What is the most memorable travel experience you have and why?

I’m glad you used the word memorable because a while back I stopped measuring my fishing trips by numbers or size of fish, and instead by memories seared into my brain.  Although lots of moments stand out — many of them not related to fishing or hunting — I’d have to go with my first big tarpon because of the insane, debilitating adrenaline rush.  My fishing partners were wading a flat so I was alone on the boat.  I had a cheapo reel on my 12 wt and I was blind casting to bait, wakes, any and all movement.  Towards the end of a long retrieve, a silver streak flashed through the water, eating the fly angling away so all I had to do was hold on.  She came out of the water four times at about 40 feet, 80, 120, and 160, and continued on a straight line like a torpedo. The fish was about 140 or 150 lbs and I knew that I would be spooled if I didn’t do something.  I palmed the reel as best I could as my backing was disappearing.  Then everything went slack.  I frantically reeled in hoping maybe the fish turned, but no, the fly line was gone.  The Bimini twist must have slipped in the gel-spun backing.

After that sunk in for a second, I had the unmistakable and crippling feeling of adrenaline draining from my veins, and I collapsed on the front of the boat.  I’m not exaggerating this — I could not get up for about 30 minutes.  At first I could only wiggle my fingers and toes, then after a few more minutes I could move my limbs.  After about 15 minutes I could sit up if I braced myself with my arms.  After about 20 minutes I could get on my hands and knees.  Only after 30 minutes or more could I stand, and even then I was shaky for a long time.  I’ve never experienced any rush like it, and I guess that’s what I’ll be chasing the rest of my life.

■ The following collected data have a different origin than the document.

(* Fix $(\varepsilon,\delta)\in(0,1)\times(0,\delta_0]$ and suppose $\mathcal R^\ast(\varepsilon,\delta|p_{X_1X_2},p_{K_1K_2})\neq\emptyset$. Then for every $\gamma>0$ there exists $n_0=n_0(\gamma)$ such that for all $n\ge n_0$, $$H(X_i|X_{3-i})\le H(K_i)+\gamma+\zeta_n(\gamma,\varepsilon,\delta),\quad i=1,2,$$ $$H(X_1X_2)\le H(K_1K_2)+\gamma+\zeta_n(\gamma,\varepsilon,\delta).$$
   Context: All logarithms are base 2. $\mathcal X_1,\mathcal X_2$ are finite fields. $(X_1,X_2)$ has joint pmf $p_{X_1X_2}$ on $\mathcal X_1\times\mathcal X_2$ and $(K_1,K_2)$ has joint pmf $p_{K_1K_2}$ on $\mathcal X_1\times\mathcal X_2$. For block length $n$, $(\mathbf X_1,\mathbf X_2)$ is i.i.d. with law $p^n_{X_1X_2}$ (source), $(\mathbf K_1,\mathbf K_2)$ is i.i.d. with law $p^n_{K_1K_2}$ (keys), and the keys are independent of the sources. A distributed source encryption system at block length $n$ consists of finite sets $\mathcal C_i^{(n)}$, encryption maps $\Phi_i^{(n)}:\mathcal X_i^n\times\mathcal X_i^n\to\mathcal C_i^{(n)}$ (key, plaintext) and a decryption map $\Psi^{(n)}:\mathcal X_1^n\times\mathcal X_2^n\times\mathcal C_1^{(n)}\times\mathcal C_2^{(n)}\to\mathcal X_1^n\times\mathcal X_2^n$, such that there exist maps $\phi_i^{(n)}:\mathcal X_i^n\to\mathcal M_i^{(n)}$ (finite $\mathcal M_i^{(n)}$) and $\psi^{(n)}$ with $\Psi^{(n)}(\mathbf k_1,\mathbf k_2,\Phi_1^{(n)}(\mathbf k_1,\mathbf x_1),\Phi_2^{(n)}(\mathbf k_2,\mathbf x_2))=\psi^{(n)}(\phi_1^{(n)}(\mathbf x_1),\phi_2^{(n)}(\mathbf x_2))$ for all keys and plaintexts. Ciphertexts: $C_i^{(n)}=\Phi_i^{(n)}(\mathbf K_i,\mathbf X_i)$. Correct decoding set $\mathcal D^{(n)}:=\{(\mathbf x_1,\mathbf x_2):\psi^{(n)}(\phi_1^{(n)}(\mathbf x_1),\phi_2^{(n)}(\mathbf x_2))=(\mathbf x_1,\mathbf x_2)\}$; error probability $p_{\rm e}:=\Pr[(\mathbf X_1,\mathbf X_2)\notin\mathcal D^{(n)}]$. Fix a constant $\delta_0>0$. For $(\varepsilon,\delta)\in(0,1)\times[0,\delta_0]$, $(R_1,R_2)$ is an $(\varepsilon,\delta)$-reliable and secure rate pair if there is a sequence of systems $\{(\Phi_1^{(n)},\Phi_2^{(n)},\Psi^{(n)})\}_{n\ge1}$ such that for every $\gamma>0$ there is $n_0$ with, for all $n\ge n_0$: $\frac1n\log|\mathcal C_i^{(n)}|\le R_i+\gamma$ ($i=1,2$), $p_{\rm e}\le\varepsilon$, and $I(C_1^{(n)}C_2^{(n)};\mathbf X_1\mathbf X_2)\le\delta$. $\mathcal R^\ast(\varepsilon,\delta|p_{X_1X_2},p_{K_1K_2})$ is the set of such pairs. For $\gamma>0$ let $\tilde{\mathcal A}^{(n)}_\gamma$ be the set of $(\mathbf x_1,\mathbf x_2)\in\mathcal X_1^n\times\mathcal X_2^n$ with $\bigl|\frac1n\log\frac1{p^n_{X_i|X_{3-i}}(\mathbf x_i|\mathbf x_{3-i})}-H(X_i|X_{3-i})\bigr|\le\gamma$ for $i=1,2$ and $\bigl|\frac1n\log\frac1{p^n_{X_1X_2}(\mathbf x_1,\mathbf x_2)}-H(X_1X_2)\bigr|\le\gamma$. Set $\nu_n(\gamma):=p^n_{X_1X_2}((\tilde{\mathcal A}^{(n)}_\gamma)^c)$, $\nu_n(\gamma,\varepsilon):=\nu_n(\gamma)+\varepsilon$, and $\zeta_n(\gamma,\varepsilon,\delta):=\frac1n\Bigl[\frac{\delta}{1-\nu_n(\gamma,\varepsilon)}+\log\frac1{1-\nu_n(\gamma,\varepsilon)}\Bigr]$. *)

From HB Require Import structures.
From mathcomp Require Import all_boot all_order all_algebra.
From mathcomp Require Import reals exp.
Set Implicit Arguments. Unset Strict Implicit. Unset Printing Implicit Defensive.
Import Order.TTheory GRing.Theory Num.Theory.
Local Open Scope ring_scope.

Whats funny is that of my top five or ten “most memorable” fishing experiences, most or all of them involve fish I didn’t catch.


Do you have any travel coming up?

Palometa Club for a permit tournament in April.  Then, Bolivia and Brazil for golden dorado and peacock bass this fall — I’ve got jungle fever and can’t wait!

Is there a specie that you are dying to catch? What is it about that fish?

Golden dorado.  They are described as the ultimate predators, aggressive, powerful, and grow to over 30 pounds, but also can be spooky and require skill to catch.  They live in some gorgeous waters and can often be sight-cast to.  (I am addicted to sight-fishing.).  And, they live in remote, pristine jungle; I love to explore and I can’t think of a wilder place than the Amazon.

When you are not on the water, what do you want the most out of a trip and why?

Good food, natural beauty, getting off the beaten path away from tourists, and camaraderie with guides and other fishermen. Also, ideally a taste of the culture to get a sense of place — in other words, not just the flora and fauna but people too.  Good guides are some of my favorite people on the planet; they tend to be the most capable, the most in tune with nature, happy and fun to be around.  Hanging with and making friends with guides is usually a highlight of my trips.

What is your dream trip and why?

Seychelles.  Everyone who’s been describes it as exceeding the highest expectations, like a fisherman’s nirvana.  Diversity of species, big fish, lots of fish, incredible beauty and remoteness.

If one song were to play in a video short of your most recent fly fishing trip, what would it be?

Anything by the Wrinkle Neck Mules.


What is the one piece of gear you couldn’t bear to leave at home?

I tend to travel light, but I’ve learned a few lessons the hard way.  A few years ago I was goofing off on the boat and knocked my sunglasses into the water; now I always have a backup pair.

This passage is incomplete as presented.